Extrait du blog d’Emmanuel Tugny (Médiapart)
— Maintenant, va, mon Livre, où le hasard te mène !
Verlaine, Poèmes saturniens, prologue
Va, Livre, tu n’es que trop beau
Pour être né dans le tombeau
Duquel mon exil te délivre
Agrippa d’Aubigné, Les Tragiques, « L’Auteur à son livre ».
La plus belle destinée : Avoir du génie et être obscur.
Barbey d’Aurevilly, Pensées détachées
Le silence qu’elle continua de garder commençait à me surprendre, lorsqu’elle m’annonça enfin sa réponse par un profond soupir.
« Quelle variété dans les événements de la vie ! me dit-elle avec le tour moral qu’elle donnait à toutes ses réflexions. Quel entraînement de choses qui ne se ressemblent point, et qui ne paraissent pas faites pour se suivre […] »

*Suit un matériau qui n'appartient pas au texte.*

(* Let $\kappa,\lambda,\mu$ be cardinals. Then $\binom{\kappa}{\lambda}\rightarrow\binom{\kappa}{\mu}_2$ implies $\binom{\mathrm{cf}(\kappa)}{\lambda}\rightarrow\binom{\mathrm{cf}(\kappa)}{\mu}_2$.
   Context: Notation: $\binom{\lambda}{\kappa}\rightarrow\binom{\alpha}{\beta}_\chi$ means that for every coloring $c:\lambda\times\kappa\rightarrow\chi$ there are $A\subseteq\lambda$, $B\subseteq\kappa$ with $\mathrm{otp}(A)=\alpha$, $\mathrm{otp}(B)=\beta$ and $c\upharpoonright(A\times B)$ constant. *)

(* Ordinals are represented as well-ordered types
   (types with a well-founded strict total order); cardinals as initial
   ordinals. *)
From Stdlib Require Import Classical.

Record woType := WoType {
  wcar :> Type;
  wlt : wcar -> wcar -> Prop;
  wlt_wf : well_founded wlt;
  wlt_irrefl : forall x, ~ wlt x x;
  wlt_trans : forall x y z, wlt x y -> wlt y z -> wlt x z;
  wlt_total : forall x y, wlt x y \/ x = y \/ wlt y x
}.

Arguments wlt {w} x y.

Definition has_otp {K : woType} (A : K -> Prop) (alpha : woType) : Prop :=
  exists (f : {x : K | A x} -> alpha) (g : alpha -> {x : K | A x}),
    (forall a, g (f a) = a) /\ (forall b, f (g b) = b) /\
    (forall a b, wlt (proj1_sig a) (proj1_sig b) <-> wlt (f a) (f b)).

Definition is_cardinal (K : woType) : Prop :=
  forall (x : K) (f : K -> {y : K | wlt y x}) (g : {y : K | wlt y x} -> K),
    ~ ((forall a, g (f a) = a) /\ (forall b, f (g b) = b)).

Definition cofinal {K : woType} (A : K -> Prop) : Prop :=
  forall x : K, exists y, A y /\ (x = y \/ wlt x y).

(* C has order type cf(K): C is the order type of some cofinal subset of K
   and is <= the order type of every cofinal subset of K. *)
Definition is_cof (K C : woType) : Prop :=
  (exists A : K -> Prop, cofinal A /\ has_otp A C) /\
  (forall A : K -> Prop, cofinal A ->
     exists f : C -> {x : K | A x},
       forall c d, wlt c d -> wlt (proj1_sig (f c)) (proj1_sig (f d))).

(* (lam kap) -> (alpha beta)_chi  with chi given as a type of colours:
   every c : lam x kap -> chi has A ⊆ lam, B ⊆ kap of order types
   alpha, beta with c constant on A x B. *)
Definition polarized (lam kap alpha beta : woType) (chi : Type) : Prop :=
  forall c : lam -> kap -> chi,
    exists (A : lam -> Prop) (B : kap -> Prop),
      has_otp A alpha /\ has_otp B beta /\
      exists col : chi, forall x y, A x -> B y -> c x y = col.

(* Fix a strictly increasing cofinal map G : cf(kappa) -> kappa and, for each
   x < kappa, an index h x with x <= G (h x).  A colouring c of
   cf(kappa) x lambda induces the colouring (x, y) |-> c (h x, y) of
   kappa x lambda, which by hypothesis is constant on some A x B with
   otp A = kappa and otp B = mu.  A set of order type kappa is cofinal in
   kappa, hence so is G[h[A]]; by minimality of cf(kappa) it contains a
   strictly increasing cf(kappa)-sequence G (h a_z), and then
   {h a_z | z < cf(kappa)} x B is homogeneous for c. *)
From Stdlib Require Import Classical IndefiniteDescription.

Definition wle {K : woType} (x y : K) : Prop := x = y \/ wlt x y.

Definition strictly_increasing {K L : woType} (F : K -> L) : Prop :=
  forall a b, wlt a b -> wlt (F a) (F b).

Lemma wle_trans {K : woType} (x y z : K) : wle x y -> wle y z -> wle x z.
Proof.
  intros [<- | Hxy] [<- | Hyz]; unfold wle; auto.
  right; exact (wlt_trans _ _ _ _ Hxy Hyz).
Qed.

Section StrictlyIncreasing.

Context {K L : woType} (F : K -> L) (F_incr : strictly_increasing F).

Lemma strictly_increasing_reflect a b : wlt (F a) (F b) -> wlt a b.
Proof.
  intros Hlt. destruct (wlt_total _ a b) as [H | [<- | H]]; auto.
  - now apply wlt_irrefl in Hlt.
  - exfalso. apply (wlt_irrefl _ (F a)).
    exact (wlt_trans _ _ _ _ Hlt (F_incr _ _ H)).
Qed.

Lemma strictly_increasing_inj a b : F a = F b -> a = b.
Proof.
  intros E. destruct (wlt_total _ a b) as [H | [H | H]]; auto;
    apply F_incr in H; rewrite E in H; now apply wlt_irrefl in H.
Qed.

Lemma has_otp_image : has_otp (fun y => exists x, F x = y) K.
Proof.
  assert (preimage : forall y : {y : L | exists x, F x = y},
            {x : K | F x = proj1_sig y}).
  { intros [y Hy]. exact (constructive_indefinite_description _ Hy). }
  exists (fun y => proj1_sig (preimage y)),
         (fun x => exist _ (F x) (ex_intro _ x eq_refl)).
  split; [| split].
  - intros [y Hy]. destruct (preimage (exist _ y Hy)) as [x Hx]; simpl in *.
    subst y. f_equal. apply proof_irrelevance.
  - intros x. destruct (preimage _) as [x' Hx']; simpl in *.
    exact (strictly_increasing_inj _ _ Hx').
  - intros y1 y2. destruct (preimage y1) as [x1 <-], (preimage y2) as [x2 <-].
    simpl. split; [apply strictly_increasing_reflect | apply F_incr].
Qed.

End StrictlyIncreasing.

Lemma strictly_increasing_ge_id {K : woType} (P : K -> K) :
  strictly_increasing P -> forall z, wle z (P z).
Proof.
  intros P_incr z. induction z as [z IH] using (well_founded_induction (wlt_wf K)).
  destruct (wlt_total _ z (P z)) as [H | [H | H]]; unfold wle; auto.
  exfalso. apply (wlt_irrefl _ (P z)).
  destruct (IH _ H) as [E | E]; pose proof (P_incr _ _ H) as HP.
  - rewrite <- E in HP. exact HP.
  - exact (wlt_trans _ _ _ _ E HP).
Qed.

Lemma has_otp_enum {K alpha : woType} (A : K -> Prop) :
  has_otp A alpha ->
  exists g : alpha -> K,
    strictly_increasing g /\ forall y, A y <-> exists b, g b = y.
Proof.
  intros [f [g [gf [fg f_ord]]]].
  exists (fun b => proj1_sig (g b)). split.
  - intros a b H. apply f_ord. now rewrite !fg.
  - intros y. split.
    + intros Ay. exists (f (exist _ y Ay)). now rewrite gf.
    + intros [b <-]. exact (proj2_sig (g b)).
Qed.

Lemma has_otp_self_cofinal {K : woType} (A : K -> Prop) :
  has_otp A K -> cofinal A.
Proof.
  intros HA x. destruct (has_otp_enum A HA) as [g [g_incr g_range]].
  exists (g x). split.
  - apply g_range. now exists x.
  - exact (strictly_increasing_ge_id g g_incr x).
Qed.

Section Cofinality.

Context {K C : woType} (HC : is_cof K C).

Lemma is_cof_embed (S : K -> Prop) :
  cofinal S -> exists f : C -> K, strictly_increasing f /\ forall c, S (f c).
Proof.
  intros S_cof. destruct (proj2 HC S S_cof) as [f f_incr].
  exists (fun c => proj1_sig (f c)).
  split; [exact f_incr | intros c; exact (proj2_sig (f c))].
Qed.

Lemma is_cof_enum :
  exists (G : C -> K) (h : K -> C),
    strictly_increasing G /\ forall x, wle x (G (h x)).
Proof.
  destruct HC as [[A [A_cof HA]] _].
  destruct (has_otp_enum A HA) as [G [G_incr G_range]].
  destruct (functional_choice (fun x c => wle x (G c))) as [h Hh].
  - intros x. destruct (A_cof x) as [y [Ay Hxy]].
    destruct (proj1 (G_range y) Ay) as [c <-]. now exists c.
  - now exists G, h.
Qed.

Lemma cofinal_ceiling_image (G : C -> K) (h : K -> C) (A : K -> Prop) :
  (forall x, wle x (G (h x))) -> cofinal A ->
  cofinal (fun y => exists a, A a /\ y = G (h a)).
Proof.
  intros Gh A_cof x. destruct (A_cof x) as [a [Aa Hxa]].
  exists (G (h a)). split.
  - now exists a.
  - exact (wle_trans _ _ _ Hxa (Gh a)).
Qed.

Lemma cof_subsequence (G : C -> K) (h : K -> C) (A : K -> Prop) :
  strictly_increasing G -> (forall x, wle x (G (h x))) -> cofinal A ->
  exists s : C -> K, (forall z, A (s z)) /\ strictly_increasing (fun z => h (s z)).
Proof.
  intros G_incr Gh A_cof.
  destruct (is_cof_embed _ (cofinal_ceiling_image G h A Gh A_cof))
    as [f [f_incr f_in]].
  destruct (functional_choice (fun z a => A a /\ f z = G (h a)) f_in)
    as [s Hs].
  exists s. split.
  - intros z. apply Hs.
  - intros a b Hab. apply (strictly_increasing_reflect G G_incr).
    rewrite <- (proj2 (Hs a)), <- (proj2 (Hs b)). exact (f_incr _ _ Hab).
Qed.

End Cofinality.

Theorem proposition2p9 (kappa lambda mu cfk : woType) :
  is_cardinal kappa -> is_cardinal lambda -> is_cardinal mu ->
  is_cof kappa cfk ->
  polarized kappa lambda kappa mu bool ->
  polarized cfk lambda cfk mu bool.
Proof.
  intros _ _ _ Hcof Hpol c.
  destruct (is_cof_enum Hcof) as [G [h [G_incr Gh]]].
  destruct (Hpol (fun x y => c (h x) y)) as [A [B [HA [HB [col Hcol]]]]].
  destruct (cof_subsequence Hcof G h A G_incr Gh (has_otp_self_cofinal A HA))
    as [s [sA hs_incr]].
  exists (fun z => exists w, h (s w) = z), B.
  split; [exact (has_otp_image _ hs_incr) |].
  split; [exact HB |].
  exists col. intros x y [w <-] By. exact (Hcol (s w) y (sA w) By).
Qed.
(* Let $G'=(V',E')$ be a graph and let $G=(V,E)$ be a vertex-induced subgraph of $G'$ such that: (i) every $v\in V'\setminus V$ has $\deg(v)<n$ in $G'$; (ii) $\operatorname{col}_{ve}(G)=n$; and (iii) in the vertex-edge marking game on $G$, Alice has a strategy which, at the end of each of her turns, leaves no unmarked vertex incident to $n-1$ marked edges. Then $\operatorname{col}_{ve}(G')=n$.
   Context: The vertex-edge marking game on a graph $G=(V,E)$ (finite or infinite) is played by Alice, who marks vertices, and Bob, who marks edges. Initially nothing is marked. The game proceeds in rounds $r=1,2,\dots$; in each round Alice first marks one unmarked vertex, then Bob marks one unmarked edge. For a finite graph the game ends when either player has no move; for an infinite graph it continues forever. After round $r$, the vertex score of $v$ is $0$ if $v$ is marked, and otherwise the number of marked edges incident to $v$. The $r$-round score is the supremum over $v\in V$ of the vertex scores after round $r$, and the final score of the game is the supremum of the $r$-round scores over all rounds. Bob has a winning strategy for score $s$ if, whatever Alice plays, Bob can force the final score to be at least $s$. The vertex-edge coloring number is $\operatorname{col}_{ve}(G)=\sup\{s : \text{Bob has a winning strategy for score } s\}+1$. *)

From Stdlib Require Import List Arith ClassicalEpsilon.
Import ListNotations.

(** A simple graph: vertex type with a symmetric irreflexive adjacency relation.
    The edge {u,v} is represented by either ordered pair (u,v) / (v,u). *)
Record graph := Graph {
  gV :> Type;
  adj : gV -> gV -> Prop;
  adj_sym : forall u v, adj u v -> adj v u;
  adj_irrefl : forall v, ~ adj v v }.

Definition induced (G : graph) (P : G -> Prop) : graph.
Proof.
  refine (@Graph {v : G | P v} (fun u w => adj G (proj1_sig u) (proj1_sig w)) _ _).
  - intros u w H; exact (adj_sym G _ _ H).
  - intros v; exact (adj_irrefl G _).
Defined.

Definition deg_lt (G : graph) (v : G) (n : nat) : Prop :=
  exists l : list G, NoDup l /\ (forall u, adj G v u <-> In u l) /\ length l < n.

(** One round: Alice's vertex move and Bob's edge move
    (None = the player has no legal move, i.e. the game has ended for them). *)
Definition round (G : graph) : Type := (option G * option (G * G))%type.
Definition history (G : graph) : Type := list (round G).

Definition vmarked {G : graph} (h : history G) (v : G) : Prop :=
  exists b, In (Some v, b) h.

Histoire d’une Grecque moderne, II.
Il est au champ de l’entreprise littéraire des auteurs pour qui la forge de l’œuvre consiste en quelque façon, comme le vaisseau de conserve, le greffier ou le rémora, à accompagner dans son roulis la chaîne ou la théorie des « apparitions » que le livre, lancé à l’aventure par une façon de « détente d’auteur » à responsabilité limitée, produit comme de soi, comme depuis une organicité séminale, prodigue, une « volonté d’œuvre », un vouloir-vivre formel.
Tantôt sidérés, tantôt comme lassés, bientôt comme emportés par la trouvaille de leur créature, de cet objet lancé à l’aventure, à l’à venir, et dont le moi propre sème l’ereignis, l’épiphanie intelligible et sensible comme un sujet, non plus aliénation en forme d’une intention d’auteur mais affranchi de cette intention et reléguant au rang de scribe une démiurgie réduite aux acquêts de l’annotation étonnée, lasse ou chavirée, tantôt en arrêt, tantôt saisie d’une façon d’allégresse à voir être une chair de sa chair, les auteurs de cette filière historique où s’inscrivent sans doute d’Aubigné, Gomberville, Scarron, Diderot, Potocki, Laclos, Stendhal ou Gide, pratiquent une façon de « poétique du déboulé » au cœur de laquelle la maîtrise de l’ars littéraire procède précisément d’une procuration allouée à l’œuvre de « se faire », de répondre à ses propres questions, de se constituer le cours opaque, énigmatique, de son créateur libérateur de forme et affranchi comme spectateur ou comme lecteur de son livre-Golem « si facendo ».
Plus que nul autre auteur sans doute, Prévost est maître en cette poétique aventureuse, au plein sens de l’adjectif aventureuse.
Ce n’est pas tant l’univers narratif, la matière représentative, en somme, qui se nourrit chez Prévost au sein de l’indéchiffrable, de l’obscur, de l’ambigu, que le livre en tant que livre, que l’œuvre en tant qu’œuvre, dont les départements, dont les mansions ne sauraient être qu’opacité dès lors que le livre s’est affranchi de l’empire auctorial pour en venir à soi, pour advenir à soi et à son « ad ventura ».
Si l’intelligibilité est partout mise en danger, chez Prévost, ce n’est pas tant que le monde soit illisible dans ses intentions : c’est que le livre qu’on y lance à l’aventure l’est en tant que livre, qu’ipséité d’un livre qui vaut monde ou qui vaut être.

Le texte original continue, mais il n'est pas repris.